Building a pond in the woods
Not all ponds have to be in a wide open space. Build a pond tucked away in the woods as an addition to your landscape, and to enhance habitat for wildlife.
Radio interview source: Tim Matson, Consultant/Author
Having a pond in the woods adds to the serenity of your property. It can be a private swimming hole, or more of a wetland area that serves as a magnet for wildlife.
Tim Matson is a pond consultant and author. He says before you start bulldozing to exchange trees for water, it's important to follow standard pond building procedures.
"Do test pits to find out about soil quality, ground water table levels, whether you're going to have ledge problems, and also make sure that you're not in a wetland that's going to require permitting, or if you are in a wetland that requires permitting to go through that," he says.
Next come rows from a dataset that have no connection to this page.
Lemma is_derive_gauss_int x : is_derive gauss_int x (gauss x).
Proof.
  apply (is_derive_RInt gauss gauss_int 0 x).
  - apply filter_forall. intros b. apply (RInt_correct (V:=R_CompleteNormedModule)), ex_RInt_gauss.
  - apply gauss_continuous.
Qed.

Lemma RInt_gauss a b : RInt gauss a b = gauss_int b - gauss_int a.
Proof.
  unfold gauss_int.
  rewrite <- (RInt_Chasles (V:=R_CompleteNormedModule) gauss a 0 b) by apply ex_RInt_gauss.
  rewrite <- (opp_RInt_swap (V:=R_CompleteNormedModule) gauss 0 a) by apply ex_RInt_gauss.
  unfold plus, opp; simpl. ring.
Qed.

Lemma gauss_int0 : gauss_int 0 = 0.
Proof. apply (RInt_point (V:=R_CompleteNormedModule)). Qed.

Lemma gauss_int_opp x : gauss_int (- x) = - gauss_int x.
Proof.
  unfold gauss_int.
  replace (- x) with (-1 * x + 0) by ring. replace 0 with (-1 * 0 + 0) at 1 by ring.
  rewrite <- (RInt_comp_lin (V:=R_CompleteNormedModule)) by apply ex_RInt_gauss.
  replace (-1 * 0 + 0) with 0 by ring.
  rewrite (RInt_ext _ (fun y => -1 * gauss y)).
  2:{ intros t _. unfold gauss. req. replace ((-1 * t + 0) ^ 2) with (t ^ 2) by ring. reflexivity. }
  rewrite (RInt_scal (V:=R_CompleteNormedModule)) by apply ex_RInt_gauss.
  unfold scal; simpl; unfold mult; simpl. req. ring.
Qed.

Definition gauss_kernel (x t : R) : R := exp (- (x ^ 2 * (1 + t ^ 2)) / 2) / (1 + t ^ 2).
Definition gauss_aux (x : R) : R := RInt (gauss_kernel x) 0 1.

Lemma one_add_sqr_pos t : 0 < 1 + t ^ 2.
Proof. nra. Qed.

Lemma is_derive_gauss_kernel x t :
  is_derive (fun z => gauss_kernel z t) x (- x * exp (- (x ^ 2 * (1 + t ^ 2)) / 2)).
Proof.
  unfold gauss_kernel. assert (H := one_add_sqr_pos t).
  auto_derive; [lra |]. req.
  replace (- (x ^ 2 * (1 + t ^ 2)) / 2) with (- (x * (x * 1) * (1 + t * (t * 1))) * / 2) by field.
  field. lra.
Qed.

Lemma continuity_2d_Derive_gauss_kernel x t :
  continuity_2d_pt (fun u v => Derive (fun z => gauss_kernel z v) u) x t.
Proof.
  apply continuity_2d_pt_ext with
    (f := fun u v => (- u) * exp ((- (u * u * (1 + v * v))) * / 2)).
  { intros u v. symmetry.
    replace (- (u * u * (1 + v * v)) * / 2) with (- (u ^ 2 * (1 + v ^ 2)) / 2) by field.
    apply is_derive_unique, is_derive_gauss_kernel. }
  apply continuity_2d_pt_mult.
  - apply continuity_2d_pt_opp, continuity_2d_pt_id1.
  - apply continuity_1d_2d_pt_comp.
    + apply derivable_continuous_pt, derivable_pt_exp.
    + apply continuity_2d_pt_mult; [| apply continuity_2d_pt_const].
      apply continuity_2d_pt_opp, continuity_2d_pt_mult.
      * apply continuity_2d_pt_mult; apply continuity_2d_pt_id1.
      * apply continuity_2d_pt_plus; [apply continuity_2d_pt_const |].
        apply continuity_2d_pt_mult; apply continuity_2d_pt_id2.
Qed.

Lemma gauss_kernel_continuous x t : continuous (gauss_kernel x) t.
Proof.
  apply continuous_of_ex_derive. unfold gauss_kernel.
  assert (H := one_add_sqr_pos t). auto_derive. lra.
Qed.

Lemma ex_RInt_gauss_kernel x a b : ex_RInt (gauss_kernel x) a b.
Proof. apply ex_RInt_of_continuous. intros; apply gauss_kernel_continuous. Qed.

(* Differentiating under the integral sign and substituting [s = x t]. *)
Lemma is_derive_gauss_aux x : is_derive gauss_aux x (- gauss x * gauss_int x).
Proof.
  unfold gauss_aux.
  replace (- gauss x * gauss_int x)
    with (RInt (fun t => Derive (fun u => gauss_kernel u t) x) 0 1).
  { apply (is_derive_RInt_param gauss_kernel 0 1 x).
    - apply filter_forall. intros y t _. eexists. apply is_derive_gauss_kernel.
    - intros; apply continuity_2d_Derive_gauss_kernel.
    - apply filter_forall. intros y. apply ex_RInt_gauss_kernel. }
  rewrite (RInt_ext _ (fun t => - gauss x * (x * gauss (x * t + 0)))).
  2:{ intros t _. erewrite is_derive_unique by apply is_derive_gauss_kernel.
      unfold gauss.
      replace (- (x ^ 2 * (1 + t ^ 2)) / 2) with (- x ^ 2 / 2 + - (x * t + 0) ^ 2 / 2) by field.
      rewrite exp_plus. req. ring. }
  rewrite (RInt_scal (V:=R_CompleteNormedModule)).
  2:{ apply ex_RInt_of_continuous. intros. apply continuous_of_ex_derive.
      unfold gauss. auto_derive. auto. }
  rewrite (RInt_comp_lin (V:=R_CompleteNormedModule)) by apply ex_RInt_gauss.
  unfold gauss_int, scal; simpl; unfold mult; simpl.
  rewrite Rmult_0_r, Rmult_1_r, !Rplus_0_r. reflexivity.
Qed.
Matson recommends selecting a contractor carefully. A woodland pond will likely require cutting down some trees, so there will be stumps and other wood debris to get rid of.
"Some contractors not knowing any better will bury the remnants of the trees around the pond, and grade off the shore on top of these stumps and things," says Matson. "And after awhile, this organic matter will rot and collapse, and you'll have sags and holes all around the pond. You can have not only a rather unsightly shore, but you can also have a pond that leaks."
After the pond is built, the clearing around it will likely sprout with natural tree seedlings. You will have to be diligent to prevent saplings from rooting. They could become invasive in the water, or jeopardize the dam or shore.
Also keep an eye on the water level. Trees absorb a lot of moisture during the warm growing season, and summer runoff to a woodland pond may be reduced. Matson says you might need supplemental water to maintain good water quality and a consistent waterline.